Thursday
Oct092008
Lehman Brothers and the Pesky Short Sellers
J. Robert Brown |
Thursday, October 9, 2008 at 10:00AM Wonder what brought down the investment banking industry? Richard Fuld, the CEO of the now bankrupt Lehman Brothers, has an explanation and its not his approach to management or his excessive risk taking. What brought down Lehman (and Bear Stearns, for that matter) was naked short selling. As he noted in his prepared testimony in the House of Representatives on Monday:
- Naked short selling, followed by false rumors, dealt a critical, if not fatal blow to Bear Stearns. Many knowledgeable participants in our financial markets are convinced that naked short sellers spread rumors and false information regarding the liquidity of Bear Stearns, and simultaneously pulled business or encouraged others to pull business from Bear Stearns, creating an atmosphere of fear which then led to a self fulfilling prophecy of a run on the bank. The naked shorts and rumor mongers succeeded in bringing down Bear Stearns.
He does the same with respect to the collapse of Lehman. He mentions a few reasons, the loss of confidence and an outdated regulatory system. Mostly, though, it was the naked short sellers. "And I believe that unsubstantiated rumors in the marketplace caused significant harm to Lehman Brothers. In our case, false rumors were so rampant for so long that major institutions issued public statements denying the rumors." It was the ban on naked short selling instituted by the Commission that "stabilized the share prices of Lehman Brothers and the other firms. However, this restriction was temporary, and on August 13 it expired after 17 trading days." The failure to maintain the ban had serious consequences:
- Many of the firms that have recently collapsed or have been forced into emergency mergers, takeovers, or government bailouts – Bear Stearns, Lehman Brothers, Merrill Lynch, Fannie Mae, Freddie Mac, AIG – did so during the gaps of time in which there was no meaningful regulation of naked short selling. On September 15, when the market opened after the collapse of Lehman, naked shorts appeared to turn their attention to Morgan Stanley and Goldman Sachs.
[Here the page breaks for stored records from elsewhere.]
Lemma KinvX_mul_F n : Kinv ^+ n * F = q ^+ n *: (F * Kinv ^+ n).
Proof.
elim: n => [|n IH]; first by rewrite !expr0 mul1r mulr1 scale1r.
rewrite exprS -mulrA IH -scalerAr mulrA Kinv_mul_F -scalerAl -mulrA -exprS.
by rewrite scalerA -exprSr.
Qed.

Lemma E_mul_KinvX n : E * Kinv ^+ n = q ^+ n *: (Kinv ^+ n * E).
Proof.
elim: n => [|n IH]; first by rewrite !expr0 mul1r mulr1 scale1r.
rewrite exprSr mulrA IH -scalerAl -[_ * E * _]mulrA E_mul_Kinv -scalerAr.
by rewrite scalerA mulrA -!exprSr.
Qed.

Lemma qfactS n : qfact q n.+1 = qfact q n * qint q n.+1.
Proof. by rewrite /qfact big_nat_recr. Qed.

Lemma Fdiv0 : Fd 0 = 1.
Proof. by rewrite /Fdiv /qfact big_geq // invr1 scale1r !expr0 mulr1. Qed.

Lemma Ediv0 : Ed 0 = 1.
Proof. by rewrite /Ediv /qfact big_geq // invr1 scale1r !expr0 mulr1. Qed.

Lemma Gdiv0 : Gd 0 = 1.
Proof. by rewrite /Gdiv fact0 invr1 scale1r expr0. Qed.

Lemma Fdiv_mul_FKinv n :
  Fd n * (F * Kinv) = (q ^+ n * qint q n.+1) *: Fd n.+1.
Proof.
rewrite /Fdiv -scalerAl mulrA -(mulrA (F ^+ n)) KinvX_mul_F -scalerAr -scalerAl.
rewrite mulrA -exprSr -mulrA -exprSr !scalerA qfactS invfM; congr (_ *: _).
by rewrite [RHS]mulrAC (mulrA (q ^+ n)) divfK ?qint_neq0 // mulrC.
Qed.

Lemma KinvE_mul_Ediv n :
  (Kinv * E) * Ed n = (q ^+ n * qint q n.+1) *: Ed n.+1.
Proof.
rewrite /Ediv -scalerAr -mulrA (mulrA E) E_mul_KinvX -scalerAl -scalerAr.
rewrite !(mulrA Kinv) -exprS -mulrA -exprS !scalerA qfactS invfM; congr (_ *: _).
by rewrite [RHS]mulrAC (mulrA (q ^+ n)) divfK ?qint_neq0 // mulrC.
Qed.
In the three days between the announcement of Lehman Brothers’ bankruptcy and the SEC instituting an emergency ban on short selling, Goldman Sachs’ and Morgan Stanley’s share prices fell 30% and 39% respectively. None of this was a coincidence.
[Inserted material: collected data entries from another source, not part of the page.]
Lemma adjS_no_4cycle s : no_4cycle (adj_ s) -> no_4cycle (adj_ s.+1).
Proof.
move=> IH c c' [y v] [y' v'].
case: c => [[x c]|u]; case: c' => [[x' c']|u'] /=; rewrite ?eq_inl ?eq_inr ?xpair_eqE.
- move=> + + /andP[/eqP e1 a1] /andP[/eqP e2 a2] /andP[/eqP e3 a3] /andP[/eqP e4 a4]; subst.
  rewrite !eqxx /= => hc hv; exact: IH hc hv a1 a2 a3 a4.
all: rewrite -?(inj_eq val_inj) /= => *; bool_hyps_to_eqs; congruence_by_cases.
Qed.

Lemma adjS_no_6cycle s : no_6cycle (adj_ s) -> no_6cycle (adj_ s.+1).
Proof.
move=> IH c1 c2 c3 [y1 v1] [y2 v2] [y3 v3].
case: c1 => [[x1 c1]|u1]; case: c2 => [[x2 c2]|u2]; case: c3 => [[x3 c3]|u3] /=;
  rewrite ?eq_inl ?eq_inr ?xpair_eqE.
- move=> + + + + + + /andP[/eqP e1 a1] /andP[/eqP e2 a2] /andP[/eqP e3 a3]
    /andP[/eqP e4 a4] /andP[/eqP e5 a5] /andP[/eqP e6 a6]; subst.
  rewrite !eqxx /= => h12 h23 h13 g12 g23 g13.
  exact: IH h12 h23 h13 g12 g23 g13 a1 a2 a3 a4 a5 a6.
all: rewrite -?(inj_eq val_inj) /= => *; bool_hyps_to_eqs; congruence_by_cases.
Qed.

Lemma adj_no_4cycle s : no_4cycle (adj_ s).
Proof. by elim: s => [|s]; [exact: adj0_no_4cycle | exact: adjS_no_4cycle]. Qed.

Lemma adj_no_6cycle s : no_6cycle (adj_ s).
Proof. by elim: s => [|s]; [exact: adj0_no_6cycle | exact: adjS_no_6cycle]. Qed.

Lemma adj0_has_8cycle : has_8cycle (adj_ 0).
Proof.
pose i0 : 'I_wr := Ordinal (ltnW wr_gt1).
pose i1 : 'I_wr := Ordinal wr_gt1.
pose j1 : 'I_(Lsz wc wr).+1 := Ordinal (Lsz_gt0 : 1 < (Lsz wc wr).+1).
pose child i : Cbase wc wr := inl (inr (i, Ordinal wc_pred_gt0)).
exists (i0, ord0), (i1, ord0), (i1, j1), (i0, j1).
exists (inl (inl tt)), (child i1), (inr (Ordinal Lsz_gt0)), (child i0).
by rewrite /= div0n.
Qed.

Lemma adjS_has_8cycle s : has_8cycle (adj_ s) -> has_8cycle (adj_ s.+1).
Proof.
move=> [v1 [v2 [v3 [v4 [c1 [c2 [c3 [c4 h]]]]]]]].
pose x : 'I_wr := Ordinal (ltnW wr_gt1).
exists (x, v1), (x, v2), (x, v3), (x, v4).
exists (inl (x, c1)), (inl (x, c2)), (inl (x, c3)), (inl (x, c4)).
by move: h; rewrite /= !inE !xpair_eqE !eq_inl !xpair_eqE !eqxx.
Qed.

Lemma adj_has_8cycle s : has_8cycle (adj_ s).
Proof. by elim: s => [|s]; [exact: adj0_has_8cycle | exact: adjS_has_8cycle]. Qed.

Definition slice s (S : {set Vt wc wr s.+1}) (x : 'I_wr) : {set Vt wc wr s} :=
  [set v | (x, v) \in S].

Lemma card_slice s (S : {set Vt wc wr s.+1}) x (P : pred (Vt wc wr s)) :
  #|[set v in slice S x | P v]| = #|[set w in S | (w.1 == x) && P w.2]|.
Proof.
have -> : [set w in S | (w.1 == x) && P w.2] = setX [set x] [set v in slice S x | P v].
  by apply/setP => [[y v]]; rewrite !inE /=; case: eqP => [->|]; rewrite ?andbF.
by rewrite cardsX cards1 mul1n.
Qed.

Lemma slice_codeword s (S : {set Vt wc wr s.+1}) x :
  is_codeword (adj_ s.+1) S -> is_codeword (adj_ s) (slice S x).
Proof. by move=> hS c; rewrite card_slice; exact: (hS (inl (x, c))). Qed.

Lemma card_two_slices s (S : {set Vt wc wr s.+1}) x x' : x != x' ->
  #|slice S x| + #|slice S x'| <= #|S|.
Proof.
move=> xx'.
have cardE z : #|slice S z| = #|[set w in S | (w.1 == z) && predT w.2]|.
  by rewrite -card_slice; apply: eq_card => v; rewrite !inE andbT.
rewrite !cardE -cardsUI.
have -> : [set w in S | (w.1 == x) && predT w.2] :&:
          [set w in S | (w.1 == x') && predT w.2] = set0.
  apply/setP => w; rewrite !inE.
  by case: (w.1 =P x) => [->|]; rewrite ?(negbTE xx') /= ?andbF.
rewrite cards0 addn0; apply: subset_leq_card; apply/subsetP => w.
by rewrite !inE => /orP[] /andP[].
Qed.

Lemma codeword0_has_lastv S : is_codeword (adj_ 0) S -> S != set0 ->
  exists2 u, u \in S & lastv u.
Proof.
move=> hS /set0Pn [[i j] ijS].
have [j0|nz_j] := eqVneq (j : nat) 0; last by exists (i, j).
have [|[i' j'] [ijS' + ne]] :=
  codeword_mate (c := inl (inr (i, Ordinal wc_pred_gt0))) hS ijS.
  by rewrite /= j0 eqxx.
move=> /andP[/eqP /= ii' _]; subst i'; exists (i, j') => //=.
by apply: contra ne => /eqP j'0; rewrite xpair_eqE eqxx eq_ordE j0 j'0.
Qed.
Fuld's explanation would have more credibility if it was paired with some degree of his own responsibility for the collapse of Lehman Brothers. He appears to have encouraged enormous risk, risk for which he was compensated handsomely. Now that the firm has collapsed, it has nothing to do with his leadership or risk taking but turns on malevolent and unnamed players in the market place. The testimony looks less like an explanation and more like a rationalization and an attempt to avoid personal responsibility.